Reputation: 83
I have a data frame having two columns latitude and longitude, and 863 rows so that each row has a point coordinate defined by latitude and longitude. Now I want to calculate the distance between all the rows in kilometers. I am using the following reference link to obtain the distance between latitude and longitude pair. If there were a few rows, I could have done using the reference link. But I have large rows and I think I need a loop to achieve a solution to the problem. Since I am new to python I couldn't able to create a logic to looping this idea.

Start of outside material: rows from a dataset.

Lemma lin_ext_revE x y : lt x y -> lin_ext prec lt y x = prec y x.
Proof. by move=> ltxy; rewrite /lin_ext (negbTE (lt_asym ltxy)) orbF. Qed.

Lemma lin_ext_no231 a b c :
  lt c a -> lt a b -> lin_ext prec lt a b -> ~~ lin_ext prec lt b c.
Proof.
move=> lca lab; rewrite /lin_ext (negbTE (lt_asym (lt_trans lca lab))) orbF.
apply: contraTN => pbc; have pba : prec b a.
  by apply: prec_convex pbc; rewrite /strictly_between lca lab.
by rewrite pba (negbTE (prec_asym pba)) andbF.
Qed.

Lemma subrel_precP (L : rel T) :
  (forall x y, L x y -> ~~ L y x) -> (forall x y, x != y -> L x y || L y x) ->
  subrel prec L <->
  weak_le_rel lt (lin_ext prec lt) L /\
  weak_le_rel lt L (lin_ext prec (fun x y => lt y x)).
Proof.
move=> L_asym L_total; split=> [prec_L | [le_lin_L le_L_lin] x y pxy].
  split=> a b lab; first by rewrite lin_ext_revE //; apply: prec_L.
  move=> Lba; rewrite /lin_ext lab; apply/orP; right.
  by apply: contraL Lba => /prec_L /L_asym.
have xy : x != y by apply: contraTneq pxy => ->; rewrite prec_irr.
have /orP[lxy | lyx] := lt_total xy; last by apply: le_lin_L; rewrite ?lin_ext_revE.
have /orP[//|Lyx] := L_total _ _ xy.
have := le_L_lin _ _ lxy Lyx; rewrite /lin_ext pxy.
by rewrite andbF orbF (negbTE (prec_asym pxy)).
Qed.
End ConvexLinearExtension.

Lemma strictly_betweenC (T : Type) (lt : rel T) a b c :
  strictly_between lt a b c = strictly_between lt c b a.
Proof. by rewrite /strictly_between orbC. Qed.

Lemma strictly_between_flip (T : Type) (lt : rel T) a b c :
  strictly_between (fun x y => lt y x) a b c = strictly_between lt a b c.
Proof. by rewrite /strictly_between orbC andbC [lt c b && _]andbC. Qed.

Lemma connect_subrel_trans (T : finType) (e L : rel T) :
  transitive L -> subrel e L -> forall x y, x != y -> connect e x y -> L x y.
Proof.
move=> L_trans e_L x _ /[swap] /connectP[p e_p ->] x_last.
have /allP L_x := order_path_min L_trans (sub_path e_L e_p); apply: L_x.
by move: (mem_last x p); rewrite inE eq_sym (negbTE x_last).
Qed.

Lemma interval_convex n (I : {set 'I_n}) x y b :
  is_interval I -> x \in I -> y \in I ->
  strictly_between (fun x y : 'I_n => x < y) x b y -> b \in I.
Proof. by case=> lo [hi [_ ->]]; rewrite /strictly_between !inE; lia. Qed.

Section IntervalHypergraph.
Variables (n : nat) (H : {set {set 'I_n}}) (A : {set 'I_n} -> 'I_n).
Hypothesis H_intervals : forall I, I \in H -> is_interval I.
Hypotheses (A_orientation : orientation H A) (A_acyclic : acyclic H A).

Local Notation ltI := (fun x y : 'I_n => x < y).
Local Notation gtI := (fun x y : 'I_n => y < x).

Let ltI_irr : irreflexive ltI := fun x => ltnn x.
Let ltI_trans : transitive ltI := fun y x z => @ltn_trans y x z.
Let gtI_irr : irreflexive gtI := ltI_irr.
Let gtI_trans : transitive gtI := fun y x z lt_yx lt_zy => ltn_trans lt_zy lt_yx.

Let ltI_total x y : x != y -> ltI x y || ltI y x.
Proof. by rewrite -val_eqE neq_ltn. Qed.

Let gtI_total x y : x != y -> gtI x y || gtI y x.
Proof. by rewrite orbC; apply: ltI_total. Qed.

Definition arc : rel 'I_n :=
  fun x y => [exists I in H, (A I == x) && (y \in I :\ x)].

Lemma arcP x y :
  reflect (exists2 I, I \in H & [/\ A I = x, y \in I & y != x]) (arc x y).
Proof.
apply: (iffP exists_inP) => -[I IH].
  by case/andP=> /eqP AI; rewrite in_setD1 => /andP[yx yI]; exists I.
by case=> AI yI yx; exists I; rewrite ?AI ?eqxx ?in_setD1 ?yx.
Qed.

Definition prec : rel 'I_n := fun x y => (x != y) && connect arc x y.

Let hyperedge_step (X Y : {set 'I_n}) := (A Y \in X) && (A Y != A X).

Lemma arc_path_hyperedges x p : path arc x p -> p != [::] ->
  exists X s, [/\ all (fun X => X \in H) (X :: s), A X = x,
    path hyperedge_step X s & (last x p \in last X s) && (last x p != A (last X s))].
Proof.
elim: p x => [|y p IHp] x //= /andP[/arcP[I IH [AI yI yx]] path_p] _.
case: p IHp path_p => [|z p] IHp path_p.
  by exists I, [::]; rewrite /= IH AI yI yx.
have [//|X [s [Hs AX path_s last_s]]] := IHp y path_p.
exists I, (X :: s); split=> //; first exact/andP.
by rewrite /= path_s /hyperedge_step AX AI yI yx.
Qed.

Lemma closed_arc_path x p : path arc x p -> last x p = x -> p = [::].
Proof.
move=> path_p closed; apply/eqP/negP=> /negP /(arc_path_hyperedges path_p).
case=> X [s [Hs AX path_s]]; rewrite closed => /andP[x_last x_A].
apply: A_acyclic; exists (X :: s); split=> //.
  by case: s {Hs path_s} x_last x_A => //=; rewrite AX eqxx.
by rewrite /= rcons_path path_s /hyperedge_step AX x_last x_A.
Qed.

Lemma connect_arc_antisym x y : connect arc x y -> connect arc y x -> x = y.
Proof.
move=> /connectP[p path_p ->] /connectP[q path_q last_q].
have : p ++ q = [::].
  by apply: (closed_arc_path (x := x)); rewrite ?cat_path ?path_p ?last_cat -?last_q.
by case: p {path_p path_q last_q}.
Qed.

Lemma prec_irr : irreflexive prec.
Proof. by move=> x; rewrite /prec eqxx. Qed.

Lemma prec_trans : transitive prec.
Proof.
move=> y x z /andP[xy cxy] /andP[yz cyz]; rewrite /prec (connect_trans cxy cyz) andbT.
by apply: contraNneq xy => xz; apply/eqP/connect_arc_antisym; rewrite // xz.
Qed.

Lemma arc_prec : subrel arc prec.
Proof.
move=> x y arc_xy; rewrite /prec connect1 // andbT.
by case/arcP: arc_xy => I _ [_ _]; rewrite eq_sym.
Qed.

Reference link: Getting distance between two points based on latitude/longitude
My data frame looks like this:
read_randomly_generated_lat_lon.head(3)
Lat Lon
43.937845 -97.905537
44.310739 -97.588820
44.914698 -99.003517
Upvotes: 3
Views: 6925
Reputation: 368
Please note: The following script does not account for the curvature of the earth. There are numerous documents Convert lat/long to XY explaining this problem.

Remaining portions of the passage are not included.